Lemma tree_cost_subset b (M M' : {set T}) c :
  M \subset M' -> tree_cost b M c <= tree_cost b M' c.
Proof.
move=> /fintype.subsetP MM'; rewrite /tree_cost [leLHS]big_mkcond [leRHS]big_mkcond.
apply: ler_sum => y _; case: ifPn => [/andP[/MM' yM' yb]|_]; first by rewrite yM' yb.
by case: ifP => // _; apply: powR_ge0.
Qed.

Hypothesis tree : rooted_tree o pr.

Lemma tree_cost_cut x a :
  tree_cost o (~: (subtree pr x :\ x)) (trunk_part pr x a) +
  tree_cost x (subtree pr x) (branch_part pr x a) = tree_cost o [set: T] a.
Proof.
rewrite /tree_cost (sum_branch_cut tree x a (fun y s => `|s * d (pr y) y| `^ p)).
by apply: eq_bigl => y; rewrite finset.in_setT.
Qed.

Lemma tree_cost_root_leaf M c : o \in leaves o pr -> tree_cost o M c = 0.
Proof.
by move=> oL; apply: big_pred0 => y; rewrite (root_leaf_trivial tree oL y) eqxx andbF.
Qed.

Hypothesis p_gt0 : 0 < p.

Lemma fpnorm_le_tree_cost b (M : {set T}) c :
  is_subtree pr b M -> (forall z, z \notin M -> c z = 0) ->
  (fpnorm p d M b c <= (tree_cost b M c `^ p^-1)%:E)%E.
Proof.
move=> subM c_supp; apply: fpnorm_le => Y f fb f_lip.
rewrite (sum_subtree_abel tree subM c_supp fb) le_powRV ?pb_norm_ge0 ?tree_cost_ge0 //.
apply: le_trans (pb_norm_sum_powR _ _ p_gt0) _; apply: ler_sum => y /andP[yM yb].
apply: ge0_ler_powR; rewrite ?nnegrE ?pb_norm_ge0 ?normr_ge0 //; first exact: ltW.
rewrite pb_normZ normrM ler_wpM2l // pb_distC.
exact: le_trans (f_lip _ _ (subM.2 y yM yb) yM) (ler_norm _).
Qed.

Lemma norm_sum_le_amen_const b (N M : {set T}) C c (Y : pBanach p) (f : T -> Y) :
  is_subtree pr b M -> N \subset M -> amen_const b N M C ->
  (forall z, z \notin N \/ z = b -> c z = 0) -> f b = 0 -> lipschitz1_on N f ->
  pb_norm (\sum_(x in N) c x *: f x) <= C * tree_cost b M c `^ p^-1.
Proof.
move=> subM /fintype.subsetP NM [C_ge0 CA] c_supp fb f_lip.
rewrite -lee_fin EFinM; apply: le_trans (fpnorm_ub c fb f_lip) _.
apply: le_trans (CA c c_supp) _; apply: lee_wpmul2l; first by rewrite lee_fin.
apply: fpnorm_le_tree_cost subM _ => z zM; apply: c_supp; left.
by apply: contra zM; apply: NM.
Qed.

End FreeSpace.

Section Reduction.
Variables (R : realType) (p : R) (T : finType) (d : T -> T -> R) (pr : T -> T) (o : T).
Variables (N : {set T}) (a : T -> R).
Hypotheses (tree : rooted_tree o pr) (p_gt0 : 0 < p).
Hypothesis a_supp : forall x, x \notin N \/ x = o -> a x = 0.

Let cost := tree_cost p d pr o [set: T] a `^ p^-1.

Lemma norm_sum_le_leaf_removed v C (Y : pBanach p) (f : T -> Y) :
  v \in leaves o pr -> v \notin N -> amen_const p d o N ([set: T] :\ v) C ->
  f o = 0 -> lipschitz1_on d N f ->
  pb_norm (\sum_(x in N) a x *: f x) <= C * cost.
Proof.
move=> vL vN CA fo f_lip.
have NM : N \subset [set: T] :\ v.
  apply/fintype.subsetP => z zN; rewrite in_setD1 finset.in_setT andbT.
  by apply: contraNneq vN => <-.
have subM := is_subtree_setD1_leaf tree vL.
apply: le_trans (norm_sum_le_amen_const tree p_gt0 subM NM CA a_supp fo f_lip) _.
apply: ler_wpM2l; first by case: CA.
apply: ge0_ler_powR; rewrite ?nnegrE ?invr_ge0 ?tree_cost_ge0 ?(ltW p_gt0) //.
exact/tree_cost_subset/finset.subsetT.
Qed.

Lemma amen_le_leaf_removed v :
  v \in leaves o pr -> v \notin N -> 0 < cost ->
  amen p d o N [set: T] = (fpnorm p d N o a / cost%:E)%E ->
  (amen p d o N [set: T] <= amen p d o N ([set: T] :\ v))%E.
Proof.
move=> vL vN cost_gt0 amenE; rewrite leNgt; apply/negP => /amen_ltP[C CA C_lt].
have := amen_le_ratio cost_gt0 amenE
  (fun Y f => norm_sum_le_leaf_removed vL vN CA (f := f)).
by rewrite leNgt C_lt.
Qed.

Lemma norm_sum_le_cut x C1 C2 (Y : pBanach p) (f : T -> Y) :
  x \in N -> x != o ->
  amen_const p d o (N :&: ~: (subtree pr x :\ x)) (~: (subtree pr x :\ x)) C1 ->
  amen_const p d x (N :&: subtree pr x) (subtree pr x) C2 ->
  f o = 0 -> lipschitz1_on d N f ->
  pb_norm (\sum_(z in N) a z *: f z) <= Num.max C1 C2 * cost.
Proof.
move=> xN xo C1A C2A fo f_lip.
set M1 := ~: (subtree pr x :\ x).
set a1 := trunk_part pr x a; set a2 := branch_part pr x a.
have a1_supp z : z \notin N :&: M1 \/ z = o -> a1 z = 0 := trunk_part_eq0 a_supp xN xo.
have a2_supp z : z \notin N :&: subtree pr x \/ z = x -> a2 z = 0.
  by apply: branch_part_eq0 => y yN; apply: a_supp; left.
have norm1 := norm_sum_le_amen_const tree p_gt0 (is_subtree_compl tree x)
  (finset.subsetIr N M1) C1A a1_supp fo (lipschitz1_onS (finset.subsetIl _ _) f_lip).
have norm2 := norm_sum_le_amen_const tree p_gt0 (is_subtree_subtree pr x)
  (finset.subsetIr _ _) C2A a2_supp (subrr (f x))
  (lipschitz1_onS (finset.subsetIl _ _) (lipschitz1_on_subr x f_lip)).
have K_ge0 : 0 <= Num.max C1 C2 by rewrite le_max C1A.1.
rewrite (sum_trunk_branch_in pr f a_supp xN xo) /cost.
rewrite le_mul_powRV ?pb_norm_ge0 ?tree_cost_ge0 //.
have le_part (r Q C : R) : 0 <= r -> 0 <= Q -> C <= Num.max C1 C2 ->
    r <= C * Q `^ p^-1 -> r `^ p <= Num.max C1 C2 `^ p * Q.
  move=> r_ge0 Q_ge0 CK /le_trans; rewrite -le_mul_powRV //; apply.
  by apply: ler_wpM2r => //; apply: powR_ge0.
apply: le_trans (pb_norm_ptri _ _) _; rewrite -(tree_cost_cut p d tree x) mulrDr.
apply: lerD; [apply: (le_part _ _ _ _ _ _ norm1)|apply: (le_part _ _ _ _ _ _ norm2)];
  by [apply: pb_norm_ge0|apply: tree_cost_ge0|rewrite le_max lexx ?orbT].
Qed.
---
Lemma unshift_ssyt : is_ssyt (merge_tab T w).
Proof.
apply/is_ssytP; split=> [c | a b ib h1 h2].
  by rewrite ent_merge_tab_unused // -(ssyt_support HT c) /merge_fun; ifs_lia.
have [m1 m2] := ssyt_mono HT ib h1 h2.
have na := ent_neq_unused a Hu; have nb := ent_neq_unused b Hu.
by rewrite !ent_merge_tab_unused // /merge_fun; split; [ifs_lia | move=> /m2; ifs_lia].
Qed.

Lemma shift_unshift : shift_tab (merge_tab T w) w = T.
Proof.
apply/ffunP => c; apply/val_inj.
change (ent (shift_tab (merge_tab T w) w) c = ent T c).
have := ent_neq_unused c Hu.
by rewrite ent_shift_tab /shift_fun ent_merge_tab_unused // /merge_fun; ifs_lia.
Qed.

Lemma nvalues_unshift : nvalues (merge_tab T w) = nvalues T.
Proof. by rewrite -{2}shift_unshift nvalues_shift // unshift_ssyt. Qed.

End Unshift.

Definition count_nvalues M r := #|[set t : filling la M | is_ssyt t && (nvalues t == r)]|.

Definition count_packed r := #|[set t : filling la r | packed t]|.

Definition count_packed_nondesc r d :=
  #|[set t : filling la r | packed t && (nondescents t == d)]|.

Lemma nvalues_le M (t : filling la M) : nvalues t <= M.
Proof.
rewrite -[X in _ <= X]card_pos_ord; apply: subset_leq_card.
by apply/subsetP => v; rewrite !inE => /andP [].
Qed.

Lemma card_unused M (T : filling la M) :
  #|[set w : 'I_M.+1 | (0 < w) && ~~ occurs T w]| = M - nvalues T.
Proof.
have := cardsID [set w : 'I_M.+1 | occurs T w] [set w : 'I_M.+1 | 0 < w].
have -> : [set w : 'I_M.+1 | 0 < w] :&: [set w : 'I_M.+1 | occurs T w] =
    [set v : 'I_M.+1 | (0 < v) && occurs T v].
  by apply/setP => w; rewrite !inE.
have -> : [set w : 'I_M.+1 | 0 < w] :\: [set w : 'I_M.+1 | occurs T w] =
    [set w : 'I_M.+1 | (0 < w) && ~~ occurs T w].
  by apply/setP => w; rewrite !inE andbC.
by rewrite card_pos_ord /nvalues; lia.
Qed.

* BRIEF *
Each line in the listing where the word "Variables" is found is to be copied.

* ANSWER AREA *
Variables (R : realType) (p : R) (T : finType) (d : T -> T -> R) (pr : T -> T) (o : T).
Variables (N : {set T}) (a : T -> R).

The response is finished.